Table 33: Initial data for authentication modules
|
System users |
DialogUser |
User |
User name. |
|
Password |
User password. |
|
Active Directory user account |
ADSAccount |
|
|
|
Active Directory user account (dynamic) |
DynamicADSAccount |
Product |
Use case. The system user is determined through the use case configuration data. |
|
Active Directory user account (manual input) |
DynamicManualADS |
Product |
Use case. The system user is determined through the use case configuration data. |
|
User |
User name. The user‘s identity is determined from a predefined list of permitted Active Directory domains. In the TargetSystem | ADS | AuthenticationDomains configuration parameter, enter the permitted Active Directory domains. |
|
Password |
User password. |
|
Active Directory user account (role-based) |
RoleBasedADSAccount |
|
No parameters required |
|
Active Directory user account (manual input/role-based) |
RoleBasedManualADS |
User |
User name. The user‘s identity is determined from a predefined list of permitted Active Directory domains. In the TargetSystem | ADS | AuthenticationDomains configuration parameter, enter the permitted Active Directory domains. |
|
Password |
User password. |
|
Employee |
Employee |
User |
Employee's central user account. |
|
Password |
User password. |
|
Employee (dynamic) |
DynamicPerson |
Product |
Use case. The system user is determined through the use case configuration data. |
|
User |
User name. |
|
Password |
User password. |
|
Employee (role-based) |
RoleBasedPerson |
User |
User name. |
|
Password |
User password. |
|
HTTP header |
HTTPHeader |
Header |
HTTP Header to use. |
|
KeyColumn |
Comma delimited list of key columns in the Person table to be searched for user names.
Default: CentralAccount, PersonnelNumber |
|
HTTP header (role-based) |
RoleBasedHTTPHeader |
|
HTTP header to use. |
|
KeyColumn |
Comma delimited list of key columns in the Person table to be searched for user names.
Default: CentralAccount, PersonnelNumber |
|
LDAP user account (dynamic) |
DynamicLdap |
User |
User name.
Default: CN, DistinguishedName, UserID, UIDLDAP |
|
Password |
User password. |
|
LDAP user account (role-based)
|
RoleBasedLdap
|
User |
User name.
Default: CN, DistinguishedName, UserID, UIDLDAP |
|
Password |
User password. |
|
Generic single sign-on (role-based) |
RoleBasedGeneric |
SearchTable |
Table in which to search for the user name of the logged in user.

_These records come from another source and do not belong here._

Lemma connect_parent_rel_root (x : 'I_N.+1) : connect parent_rel x ord0.
Proof.
have [m] := ubnP (x : nat); elim: m x => // m IH x x_m.
have [x0 | x_nz] := eqVneq (x : nat) 0; first by rewrite (_ : x = ord0) //; apply: val_inj.
have par_x : (par x < x)%N by apply: par_lt; rewrite lt0n.
have x_par : parent_rel x (Ordinal (ltn_trans par_x (ltn_ord x))).
  by rewrite /parent_rel x_nz eqxx.
by apply: connect_trans (connect1 x_par) (IH _ _); rewrite /=; lia.
Qed.

Lemma parent_rel_tree : is_tree parent_rel.
Proof.
split; first by split; [exact: parent_rel_sym | exact: parent_rel_irr].
  move=> x y; apply: connect_trans (connect_parent_rel_root x) _.
  by rewrite (sym_connect_sym parent_rel_sym) connect_parent_rel_root.
apply: (unique_lower_neighbour_acyclic parent_rel_sym val_inj).
move=> x y z xy xz y_x z_x; apply: val_inj.
by rewrite (parent_rel_lower xy y_x) (parent_rel_lower xz z_x).
Qed.

End ParentTree.

Section IndepPolyOn.
Variables (T : finType) (e : rel T).
Hypotheses (e_sym : symmetric e) (e_irr : irreflexive e).

Definition indep_poly_on (U : {set T}) : {poly algC} :=
  \sum_(S : {set T} | (S \subset U) && independent e S) 'X^#|S|.

Lemma indep_poly_setT : indep_poly e = indep_poly_on [set: T].
Proof. by apply: eq_bigl => S; rewrite subsetT. Qed.

Lemma independentP (S : {set T}) :
  reflect {in S &, forall x y, ~~ e x y} (independent e S).
Proof.
apply: (iffP forall_inP) => [S_ind x y x_S | S_ind x x_S].
  exact: (forall_inP (S_ind x x_S)).
by apply/forall_inP => y; apply: S_ind.
Qed.

Lemma independentU1 v (S : {set T}) :
  independent e (v |: S) = independent e S && [forall y in S, ~~ e v y].
Proof.
apply/independentP/andP => [vS_ind | [/independentP S_ind /forall_inP v_S]].
  split; first by apply/independentP => x y x_S y_S; apply: vS_ind; rewrite inE ?x_S ?y_S orbT.
  by apply/forall_inP => y y_S; apply: vS_ind; rewrite !inE ?eqxx ?y_S ?orbT.
move=> x y; rewrite !inE => /predU1P[-> | x_S] /predU1P[-> | y_S].
- by rewrite e_irr.
- exact: v_S.
- by rewrite e_sym v_S.
- exact: S_ind.
Qed.

Lemma indep_poly_on0 : indep_poly_on set0 = 1.
Proof.
rewrite /indep_poly_on (eq_bigl (pred1 set0)) ?big_pred1_eq ?cards0 ?expr0 // => S.
rewrite subset0 /=; case: eqP => // ->.
by apply/independentP => x; rewrite inE.
Qed.
Lemma small_share_le_BS_NE Bi M S m s : 0 < S ->
  Nm * S = lamS `^ (alpha^-1 - 1) * Nf * M -> m * S = s * M -> m + s <= Bi ->
  s <= BS_NE Nm Nf lamS alpha Bi.
Proof.
move=> S0 ratio share budget.
set L := lamS `^ (alpha^-1 - 1).
have L0 : 0 < L by rewrite powR_gt0.
rewrite /BS_NE -/L ler_pdivlMr ?addr_gt0 ?mulr_gt0 // -(ler_pM2r S0).
rewrite (_ : _ * _ * S = Nf * L * S * (m + s) + s * (Nm * S - L * Nf * M)
                         + Nf * L * (s * M - m * S)); last by ring.
by rewrite ratio share !subrr !mulr0 !addr0 mulrAC ler_pM2r // ler_pM2l ?mulr_gt0.
Qed.

Lemma BS_NE_gt0 Bi : 0 < Bi -> 0 < BS_NE Nm Nf lamS alpha Bi.
Proof.
move=> Bi0; have L0 : 0 < lamS `^ (alpha^-1 - 1) by rewrite powR_gt0.
by rewrite /BS_NE divr_gt0 ?addr_gt0 ?mulr_gt0.
Qed.



Definition best_response (Bi B0 km ks m s : R) : Prop :=
  feasible Bi B0 m s /\
  forall x y, feasible Bi B0 x y -> payoff x y km ks <= payoff m s km ks.

Section BestResponse.
Variables (Bi B0 km ks m s M S : R).
Hypotheses (hbr : best_response Bi B0 km ks m s) (hslack : B0 < s) (hB0 : 0 <= B0)
  (hkm : 0 <= km) (hks : 0 <= ks) (hM : m + km = M) (hS : s + ks = S).

Let hm : 0 <= m. Proof. by case: hbr => -[]. Qed.

Let s_gt0 : 0 < s := le_lt_trans hB0 hslack.

Let S_gt0 : 0 < S. Proof. by rewrite -hS ltr_wpDr. Qed.

Let shift_le t : t <= m -> B0 - s <= t ->
  payoff (m - t) (s + t) km ks <= payoff m s km ks.
Proof.
case: hbr => -[_ [_ budget]] best tm tB0; apply: best.
by split; [|split]; lra.
Qed.

Lemma best_response_sep_marginal_le0 :
  0 < m -> sep M S -> sep_marginal M S m s <= 0.
Proof.
move=> m0 hsep.
have M0 : 0 < M by rewrite -hM ltr_wpDr.
have sep_shift u : 0 <= u -> sep (M - u) (S + u).
  move=> u0; rewrite separate_market_shiftE (le_trans _ (mulr_ge0 u0 _)) //.
    by rewrite subr_le0.
  by rewrite addr_ge0 ?mulr_ge0 ?ltW.
rewrite -(pmulr_rle0 _ (divr_gt0 hR0 (mulr_gt0 M0 S_gt0))).
apply: (is_derive_le0_at_right_max (sep_shift_revenue_derive m s M0 S_gt0)).
near=> t.
have t0 : 0 < t by near: t; exact: nbhs_right_gt.
have tm : t < m by near: t; exact: nbhs_right_lt.
rewrite -(revenue_sep_shift hM hS (sep_shift _ (ltW t0))).
rewrite -(revenue_sep_shift hM hS (sep_shift _ (lexx 0))) subr0 addr0.
by apply: shift_le; rewrite ltW // (lt_trans _ t0) // subr_lt0.
Unshelve. all: by end_near. Qed.

(* Moving bandwidth to macro cells may leave the separate regime at its
   boundary, hence the strict inequality. *)
Lemma best_response_sep_marginal_ge0 :
  0 < M -> Nf * M < Nm * (lamS * S) -> 0 <= sep_marginal M S m s.
Proof.
move=> M0 hstrict.
have c0 : 0 < Nf + Nm * lamS by rewrite addr_gt0 ?mulr_gt0.
have gap0 : (Nf * M - Nm * (lamS * S)) / (Nf + Nm * lamS) < 0.
  by rewrite ltr_pdivrMr // mul0r subr_lt0.
rewrite -(pmulr_rge0 _ (divr_gt0 hR0 (mulr_gt0 M0 S_gt0))).
apply: (is_derive_ge0_at_left_max (sep_shift_revenue_derive m s M0 S_gt0)).
near=> t.
have t0 : t < 0 by near: t; exact: nbhs_left_lt.
have tB0 : B0 - s < t by near: t; apply: nbhs_left_gt; rewrite subr_lt0.
have tgap : (Nf * M - Nm * (lamS * S)) / (Nf + Nm * lamS) < t.
  by near: t; exact: nbhs_left_gt.
have sep_t : sep (M - t) (S + t) by rewrite separate_market_shiftE -ler_pdivrMr // ltW.
have sep_0 : sep (M - 0) (S + 0) by rewrite subr0 addr0 /separate_market ltW.
rewrite -(revenue_sep_shift hM hS sep_t) -(revenue_sep_shift hM hS sep_0) subr0 addr0.
by apply: shift_le; [exact: le_trans (ltW t0) hm | exact: ltW].
Unshelve. all: by end_near. Qed.
Lemma erm_expected_risk_le :
  measurable_fun setT (fun w => risk l (fhat w) P) ->
  measurable_fun setT (fun w => distortion l (ys w) (yh w)) ->
  \int[mu]_w (distortion l (ys w) (yh w))%:E < +oo ->
  \int[mu]_w risk l (fhat w) P <=
    opt_risk l F P + (2 * eta (fine (\int[mu]_w (distortion l (ys w) (yh w))%:E)))%:E
    + (2 * B)%:E.
Proof.
move=> mrisk mdist dist_fin.
have sd_int : mu.-integrable setT sup_dev.
  apply/integrableP; split => //.
  under eq_integral do rewrite gee0_abs ?sup_dev_ge0 //.
  exact: le_lt_trans sup_dev_le (ltry _).
rewrite -addeA -EFinD; apply: le_opt_risk_addr => // g Fg.
set r := fine (risk l g P); rewrite -(fineK (risk_fin_num Fg)) -/r -EFinD.
have r_ge0 : (0 <= r)%R by apply: fine_ge0; exact: risk_ge0.
have r_int : mu.-integrable setT (fun=> r%:E) by exact: finite_measure_integrable_cst.
have sd2_int : mu.-integrable setT (fun w => sup_dev w + sup_dev w) by exact: integrableD.
have rsd_int : mu.-integrable setT (fun w => r%:E + (sup_dev w + sup_dev w)).
  exact: integrableD.
apply: le_trans (integral_le_concave_comp eta_ge0 eta_concave mdist
  (fun w => distortion_ge0 _ _ l_ge0) dist_fin mrisk (fun w => risk_ge0 l_ge0 _ _)
  rsd_int _ _ (fun w => erm_risk_le w Fg)) _ => [w | // |].
  by rewrite !adde_ge0 ?sup_dev_ge0 ?lee_fin.
rewrite integralD // integralD // integral_cst //.
have -> : r%:E * mu setT = r%:E by rewrite probability_setT mule1.
have sd_ge0 : 0 <= \int[mu]_w sup_dev w by apply: integral_ge0 => w _; exact: sup_dev_ge0.
move: sup_dev_le sd_ge0; case: (\int[mu]_w sup_dev w) => [b| |] //.
by rewrite -!EFinD !lee_fin; lra.
Qed.

End erm_on_compressed_labels.

Theorem mainTheorem5
  (R : realType) (dX dY : measure_display)
  (X : measurableType dX) (Y : measurableType dY)
  (PP : set (probability (X * Y)%type R))
  (l : Y -> Y -> R) (F : set (X -> Y)) (eta : R -> R) (C rate : R)
  (l_ge0 : forall u v, 0 <= l u v)
  (l_meas : forall f, F f -> measurable_fun setT (fun z : X * Y => l (f z.1) z.2))
  (erm_exists : forall (n : nat) (xs : 'I_n -> X) (ys : 'I_n -> Y),
     exists2 f, F f & forall g, F g -> emp_risk l f xs ys <= emp_risk l g xs ys)
  (eta_ge0 : forall t, 0 <= t -> 0 <= eta t)
  (eta_concave : concave_on_nonneg eta)
  (eta_cont : {within [set x : R | 0 <= x], continuous eta})
  (eta_lip : forall f x u u', F f ->
     `|l (f x) u - l (f x) u'| <= eta (l u u'))
  (unif_dev : forall (n : nat), (0 < n)%N -> forall P, PP P ->
     forall (dO : measure_display) (O : measurableType dO)
            (mu : probability O R) (Z : 'I_n -> O -> X * Y),
     iid_sample mu Z P ->
     (\int[mu]_w ereal_sup
         [set `| (emp_risk l f (fun i => (Z i w).1) (fun i => (Z i w).2))%:E
                 - risk l f P | | f in F]
        <= (C / Num.sqrt n%:R)%:E)%E)
  (n : nat) (n_gt0 : (0 < n)%N) (P : probability (X * Y)%type R) (PP_P : PP P)
  (dO : measure_display) (O : measurableType dO) (mu : probability O R)
  (Z : 'I_n -> O -> X * Y) (Z_iid : iid_sample mu Z P)
  (enc : ('I_n -> X) -> ('I_n -> Y) -> 'I_(num_msgs rate n))
  (dec : ('I_n -> X) -> 'I_(num_msgs rate n) -> ('I_n -> Y))
  (fhat : O -> X -> Y)
  (fhat_erm : forall w,
     let xs := fun i => (Z i w).1 in
     let ys := fun i => (Z i w).2 in
     let yh := dec xs (enc xs ys) in
     F (fhat w) /\
     forall g, F g -> emp_risk l (fhat w) xs yh <= emp_risk l g xs yh)
  (fhat_meas : measurable_fun (setT : set O) ((fun w => risk l (fhat w) P) : O -> \bar R))
  (dev_meas : measurable_fun (setT : set O) ((fun w => ereal_sup
         [set `| (emp_risk l f (fun i => (Z i w).1) (fun i => (Z i w).2))%:E
                 - risk l f P |%E | f in F]) : O -> \bar R))
  (dist_meas : measurable_fun setT (fun w =>
     let xs := fun i => (Z i w).1 in
     let ys := fun i => (Z i w).2 in
     distortion l ys (dec xs (enc xs ys))))
  (* E l_n(Y^n, Yhat^n) is finite, so that eta of it makes sense *)
  (dist_fin : (\int[mu]_w (let xs := fun i => (Z i w).1 in
                           let ys := fun i => (Z i w).2 in
                           distortion l ys (dec xs (enc xs ys)))%:E < +oo)%E) :
  (\int[mu]_w risk l (fhat w) P
     <= opt_risk l F P
        + (2 * eta (fine (\int[mu]_w (let xs := fun i => (Z i w).1 in
                                      let ys := fun i => (Z i w).2 in
                                      distortion l ys (dec xs (enc xs ys)))%:E)))%:E
        + (2 * C / Num.sqrt n%:R)%:E)%E.
Proof.
pose yh w := dec (fun i => (Z i w).1) (enc (fun i => (Z i w).1) (fun i => (Z i w).2)).
have dev_le := unif_dev n n_gt0 P PP_P dO O mu Z Z_iid.
have := erm_expected_risk_le l_ge0 eta_ge0 eta_concave eta_lip n_gt0 (yh := yh)
  fhat_erm dev_meas dev_le fhat_meas dist_meas dist_fin.
by rewrite mulrA.
Qed.
(* Let $\mathcal{T}$ be a trim transducer with a single initial state. Then the (possibly infinite) multi-transducer $\bar{\mathcal{W}}(\mathcal{T})$ is separable, i.e. it has a single initial state and any two distinct transitions of $\bar{\mathcal{W}}(\mathcal{T})$ with the same source and the same input letter are transient (there is no run in $\bar{\mathcal{W}}(\mathcal{T})$ from the target of either of them back to their common source).
   Context: $\mathcal{T}=(Q,E,I,F,f)$ is a transducer: finite state set $Q$, initial states $I$, final states $F$, transitions $E\subseteq Q\times\Sigma\times\Gamma^*\times Q$, final output $f:F\to\Gamma^*$; trim means every state lies on a run from an initial to a final state. A multi-transducer is like a transducer except that the final output function maps final states to finite sets of words. Determinisation $\bar{\mathcal{D}}(\mathcal{T})$: its states are the finite subsets $U$ of $Q\times\Gamma^*$. For such $U$ and $\sigma\in\Sigma$, let $R_{U,\sigma}=\{(q,uv) : (p,u)\in U,\ (p,\sigma,v,q)\in E\}$, let $w_{U,\sigma}$ be the longest common prefix of the words $\{w : (q,w)\in R_{U,\sigma}\text{ for some }q\}$ (taken to be $\epsilon$ if this set is empty), and $P_{U,\sigma}=\{(q,w) : (q,w_{U,\sigma}w)\in R_{U,\sigma}\}$. The transitions of $\bar{\mathcal{D}}(\mathcal{T})$ are $(U,\sigma,w_{U,\sigma},P_{U,\sigma})$ for all $U,\sigma$; the initial state is $U_0=I\times\{\epsilon\}$; final states are the $U$ with $U\cap(F\times\Gamma^* )\neq\emptyset$, with final output set $\{wf(q) : q\in F,\ (q,w)\in U\}$. Rank: for a finite $U\subseteq Q\times\Gamma^*$, $n_U$ is the set of strongly connected components of $\mathcal{T}$ reachable (in $\mathcal{T}$) from the states $q$ such that $(q,w)\in U$ for some $w$. $\bar{\mathcal{W}}(\mathcal{T})$ is obtained from $\bar{\mathcal{D}}(\mathcal{T})$ as follows: every transition $(U,\sigma,v,U')$ of $\bar{\mathcal{D}}(\mathcal{T})$ with $n_{U'}\subsetneq n_U$ is removed and replaced by the transitions $(U,\sigma,vw,\{(q,\epsilon)\})$ for all $(q,w)\in U'$; other transitions, the initial state, final states and final outputs are unchanged. A transition is transient if there is no run from its target to its source. *)

From mathcomp Require Import all_boot.
From mathcomp Require Import finmap.

Set Implicit Arguments.
Unset Strict Implicit.
Unset Printing Implicit Defensive.

Local Open Scope fset_scope.

Section Transducers.
Variables (Sigma Gamma : finType).

Record transducer (Q : finType) := Transducer {
  trans : {fset (Q * Sigma * seq Gamma * Q)};
  init  : {set Q};
  final : {set Q};
  fout  : Q -> seq Gamma   (* final output function; only relevant on final *)
}.

Definition tsrc {Q : finType} (t : Q * Sigma * seq Gamma * Q) : Q := t.1.1.1.
Definition tlet {Q : finType} (t : Q * Sigma * seq Gamma * Q) : Sigma := t.1.1.2.
Definition tout {Q : finType} (t : Q * Sigma * seq Gamma * Q) : seq Gamma := t.1.2.
Definition ttgt {Q : finType} (t : Q * Sigma * seq Gamma * Q) : Q := t.2.

Definition tedge {Q : finType} (T : transducer Q) : rel Q :=
  fun p q => has (fun t => (tsrc t == p) && (ttgt t == q)) (enum_fset (trans T)).

Definition treach {Q : finType} (T : transducer Q) : rel Q := connect (tedge T).

Definition trim {Q : finType} (T : transducer Q) : Prop :=
  forall q : Q, exists i, exists f,
    [/\ i \in init T, f \in final T, treach T i q & treach T q f].

Fixpoint lcp2 (u v : seq Gamma) : seq Gamma :=
  match u, v with
  | x :: u', y :: v' => if x == y then x :: lcp2 u' v' else [::]
  | _, _ => [::]
  end.

Definition lcp (ws : seq (seq Gamma)) : seq Gamma :=
  match ws with
  | [::] => [::]
  | w :: ws' => foldl lcp2 w ws'
  end.

Section Det.
Variables (Q : finType) (T : transducer Q).

Definition dstate := {fset (Q * seq Gamma)}.

Definition Rset (U : dstate) (a : Sigma) : dstate :=
  seq_fset tt [seq (ttgt t, x.2 ++ tout t)
              | x <- enum_fset U,
                t <- [seq t <- enum_fset (trans T) | (tsrc t == x.1) && (tlet t == a)]].

Definition wout (U : dstate) (a : Sigma) : seq Gamma :=
  lcp [seq x.2 | x <- enum_fset (Rset U a)].

Definition Pset (U : dstate) (a : Sigma) : dstate :=
  seq_fset tt [seq (x.1, drop (size (wout U a)) x.2)
              | x <- enum_fset (Rset U a) & prefix (wout U a) x.2].

Definition Dtrans (U : dstate) (a : Sigma) (v : seq Gamma) (U' : dstate) : Prop :=
  v = wout U a /\ U' = Pset U a.

Definition U0 : dstate := seq_fset tt [seq (q, [::]) | q <- enum (init T)].

Definition Dfinal (U : dstate) (w : seq Gamma) : Prop :=
  exists q, exists u, [/\ q \in final T, (q, u) \in U & w = u ++ fout T q].

Definition scc (q : Q) : {set Q} := [set q' | treach T q q' && treach T q' q].

Definition rank (U : dstate) : {set {set Q}} :=
  [set scc q' | q' in [set q' : Q | has (fun x => treach T x.1 q') (enum_fset U)]].

Definition Wtrans (U : dstate) (a : Sigma) (v : seq Gamma) (U' : dstate) : Prop :=
  exists v0, exists P, Dtrans U a v0 P /\
    (if rank P \proper rank U
     then exists q, exists w, [/\ (q, w) \in P, v = v0 ++ w & U' = [fset (q, [::])]]
     else v = v0 /\ U' = P).

Definition Winit (U : dstate) : Prop := U = U0.

End Det.

Record multi_transducer := MultiTransducer {
  mstate : Type;
  minit  : mstate -> Prop;
  mtrans : mstate -> Sigma -> seq Gamma -> mstate -> Prop;
  mfinal : mstate -> seq Gamma -> Prop
}.

Inductive mreach (M : multi_transducer) : mstate M -> mstate M -> Prop :=
  | mreach_refl s : mreach s s
  | mreach_step s a v s1 s' : mtrans s a v s1 -> mreach s1 s' -> mreach s s'.

Definition transient (M : multi_transducer) (s : mstate M) (s' : mstate M) : Prop :=
  ~ mreach s' s.

Definition separable (M : multi_transducer) : Prop :=
  (exists s0 : mstate M, forall s : mstate M, minit s <-> s = s0) /\
  forall (s : mstate M) a v1 (s1 : mstate M) v2 (s2 : mstate M),
    mtrans s a v1 s1 -> mtrans s a v2 s2 -> (v1, s1) <> (v2, s2) ->
    transient s s1 /\ transient s s2.

Definition Wbar (Q : finType) (T : transducer Q) : multi_transducer :=
  @MultiTransducer (dstate Q) (@Winit Q T) (@Wtrans Q T) (@Dfinal Q T).

End Transducers.

(* Every state occurring in the target of a transition of W-bar(T) is reachable
   in T from a state occurring in its source, so the rank n_U can only shrink
   along runs of W-bar(T).  From a given state and letter, W-bar(T) has a single
   transition unless the rank of P_{U,a} drops strictly, and then every target
   has a strictly smaller rank than U, so no run can lead back to U. *)
From mathcomp Require Import all_boot.
From mathcomp Require Import finmap.

Set Implicit Arguments.
Unset Strict Implicit.
Unset Printing Implicit Defensive.

Local Open Scope fset_scope.

Section Rank.
Variables (Sigma Gamma Q : finType) (T : transducer Sigma Gamma Q).

Local Notation Wreach := (@mreach _ _ (Wbar T)).

Lemma rank_subset (U U' : dstate Gamma Q) :
  (forall y, y \in U' -> exists2 x, x \in U & treach T x.1 y.1) ->
  rank T U' \subset rank T U.
Proof.
move=> reachU'; apply/subsetP => _ /imsetP [q' + ->].
rewrite inE => /hasP [y /reachU' [x xU xy] yq'].
apply/imsetP; exists q' => //; rewrite inE; apply/hasP; exists x => //.
exact: connect_trans xy yq'.
Qed.

Lemma mem_Pset_reach (U : dstate Gamma Q) a y :
  y \in Pset T U a -> exists2 x, x \in U & treach T x.1 y.1.
Proof.
rewrite seq_fsetE => /mapP [z]; rewrite mem_filter => /andP [_ + ->].
rewrite seq_fsetE => /allpairsPdep [x [t [xU + ->]]].
rewrite mem_filter => /andP [/andP [/eqP src_t _] tT].
exists x => //; apply: connect1; apply/hasP; exists t => //.
by rewrite src_t !eqxx.
Qed.

Lemma rank_Pset (U : dstate Gamma Q) a : rank T (Pset T U a) \subset rank T U.
Proof. exact/rank_subset/mem_Pset_reach. Qed.

Lemma rank_fset1_Pset (U : dstate Gamma Q) a q w :
  (q, w) \in Pset T U a -> rank T [fset (q, [::])] \subset rank T (Pset T U a).
Proof.
move=> qwP; apply: rank_subset => y; rewrite inE => /eqP ->.
by exists (q, w) => //; apply: connect0.
Qed.

Lemma Wtrans_rankP (U : dstate Gamma Q) a v U' :
  Wtrans T U a v U' ->
  if rank T (Pset T U a) \proper rank T U then is_true (rank T U' \proper rank T U)
  else (v, U') = (wout T U a, Pset T U a).
Proof.
move=> [_ [_ [[-> ->]]]]; case: ifP => [drop_rank | _ [-> ->] //].
move=> [q [w [qwP _ ->]]].
exact: sub_proper_trans (rank_fset1_Pset qwP) drop_rank.
Qed.

Lemma Wtrans_rank (U : dstate Gamma Q) a v U' :
  Wtrans T U a v U' -> rank T U' \subset rank T U.
Proof.
move/Wtrans_rankP; case: ifP => [_ /proper_sub // | _ [_ ->]].
exact: rank_Pset.
Qed.

Lemma mreach_rank (U U' : dstate Gamma Q) :
  Wreach U U' -> rank T U' \subset rank T U.
Proof.
elim => [V | V a v V1 V' VV1 _ IH]; first exact: subxx.
exact: subset_trans IH (Wtrans_rank VV1).
Qed.

Lemma transient_of_rank_proper (U U' : dstate Gamma Q) :
  rank T U' \proper rank T U -> @transient _ _ (Wbar T) U U'.
Proof.
move=> drop_rank /mreach_rank back.
by have := proper_sub_trans drop_rank back; rewrite properE subxx.
Qed.

End Rank.

Theorem lemma6 (Sigma Gamma Q : finType) (T : transducer Sigma Gamma Q) :
  trim T -> (exists i0 : Q, init T = [set i0]) ->
  separable (Wbar T).
Proof.
move=> _ _; split; first by exists (U0 T).
move=> U a v1 U1 v2 U2 /Wtrans_rankP tr1 /Wtrans_rankP tr2 neq.
case: ifP tr1 tr2 => _ tr1 tr2; last by rewrite tr1 tr2 in neq.
by split; apply: transient_of_rank_proper.
Qed.
Lemma linD phi x y : torus x -> torus y -> lin phi (x + y) = lin phi x + lin phi y.
Proof. by move=> [s ->] [t ->]; rewrite -frame_sum_cat !lin_frame_sum frame_sum_cat. Qed.

Lemma linZ phi a x : torus x -> lin phi (a *: x) = a *: lin phi x.
Proof. by move=> [s ->]; rewrite -frame_sumZ !lin_frame_sum frame_sumZ. Qed.

Lemma lin_M phi f : lin phi (M f) = phi f.
Proof. by rewrite -frame_sum1 lin_frame_sum frame_sum1. Qed.

Lemma lin0 phi : lin phi 0 = 0.
Proof. by have := lin_frame_sum phi [::]; rewrite /frame_sum !big_nil. Qed.

Lemma lin_sum phi (I : eqType) (r : seq I) (G : I -> F) :
  (forall i, i \in r -> torus (G i)) ->
  lin phi (\sum_(i <- r) G i) = \sum_(i <- r) lin phi (G i).
Proof.
elim: r => [|i r IHr] G_torus; first by rewrite !big_nil lin0.
have G_torus_r j : j \in r -> torus (G j) by move=> jr; apply: G_torus; rewrite in_cons jr orbT.
have r_torus : torus (\sum_(j <- r) G j).
  rewrite big_seq; elim/big_ind: _ => [|u v|j /G_torus_r //].
  - by exists [::]; rewrite /frame_sum big_nil.
  - exact: torusD.
rewrite !big_cons linD ?IHr //; apply: G_torus; exact: mem_head.
Qed.

Lemma torus_frac x : exists a b, [/\ torus a, torus b, b != 0 & x = a * b^-1].
Proof.
have image_torus a : in_frame_image z M a -> torus a.
  move=> [n [c [f ->]]]; exists [seq (Acoef z (c i), f i) | i <- enum 'I_n].
  by rewrite /frame_sum big_map big_enum.
by have [a [b [/image_torus ? /image_torus ? ? ->]]] := M_frac x; exists a, b.
Qed.

Lemma mulF_neq0 (x y : F) : x != 0 -> y != 0 -> x * y != 0.
Proof.
move=> x_neq0 y_neq0; have : x * y \is a GRing.unit by rewrite unitrMl ?F_div.
by apply: contraTneq => ->; rewrite unitr0.
Qed.

Lemma torus_ore b d : torus b -> torus d -> b != 0 -> d != 0 ->
  exists u v, [/\ torus u, torus v, u != 0, v != 0 & b * u = d * v].
Proof.
move=> b_torus d_torus b_neq0 d_neq0.
have [x [y [x_torus y_torus y_neq0 dVb]]] := torus_frac (d^-1 * b).
have by_dx : b * y = d * x.
  by rewrite -[b](mulVKr (F_div d_neq0)) dVb -!mulrA mulVr ?F_div // mulr1.
exists y, x; split=> //; apply: contraNneq (mulF_neq0 b_neq0 y_neq0) => x0.
by rewrite by_dx x0 mulr0.
Qed.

This table must contain a FK named UID_Person that points to the Person table. |
|
SearchColumn |
Column from the SearchTable in which to search for the user name of the logged-in user. |
|
DisabledBy |
Pipe (|) delimited list of Boolean columns which block a user account from logging in. |
|
EnabledBy |
Pipe (|) delimited list of Boolean columns which release a user account for logging in. |
|
OAuth 2.0/OpenID Connect |
OAuth |
|
Dependent on the authentication method of the secure token service. |
|
OAuth 2.0/OpenID Connect (role-based) |
OAuthRoleBased |
|
Dependent on the authentication method of the secure token service. |
|
Account based system user |
DialogUserAccountBased |
|
No parameters required |
|
User account |
QERAccount |
|
No parameters required |
|
User account (role-based) |
RoleBasedQERAccount |
|
No parameters required |
|
Password reset |
PasswordReset |
|
No parameters required |
|
Password reset (role-based) |
RoleBasedPasswordReset |
|
No parameters required |
|
Decentralized identity
|
DecentralizedId
|
Email |
Default email address of the employee (Person.DefaultEmailAddress) or contact email address of the employee (Person.ContactEmail) |
|
Identifier |
Decentralized identity of the employee (Person.DecentralizedIdentifier). |
|
Decentralized Identity (role-based)
|
RoleBasedDecentralizedId
|
Email |
Default email address of the employee (Person.DefaultEmailAddress) or contact email address of the employee (Person.ContactEmail) |
|
Identifier |
Decentralized identity of the employee (Person.DecentralizedIdentifier). |
Related topics
In the case of dynamic authentication modules, the system user assigned to the employee is not used for the log in. The system user which is configured using the user interface special configuration data is taken instead.
To specify configuration data
-
In the Designer, select the Base data > Security settings > Programs category.
-
Select the application and adjust the Configuration data.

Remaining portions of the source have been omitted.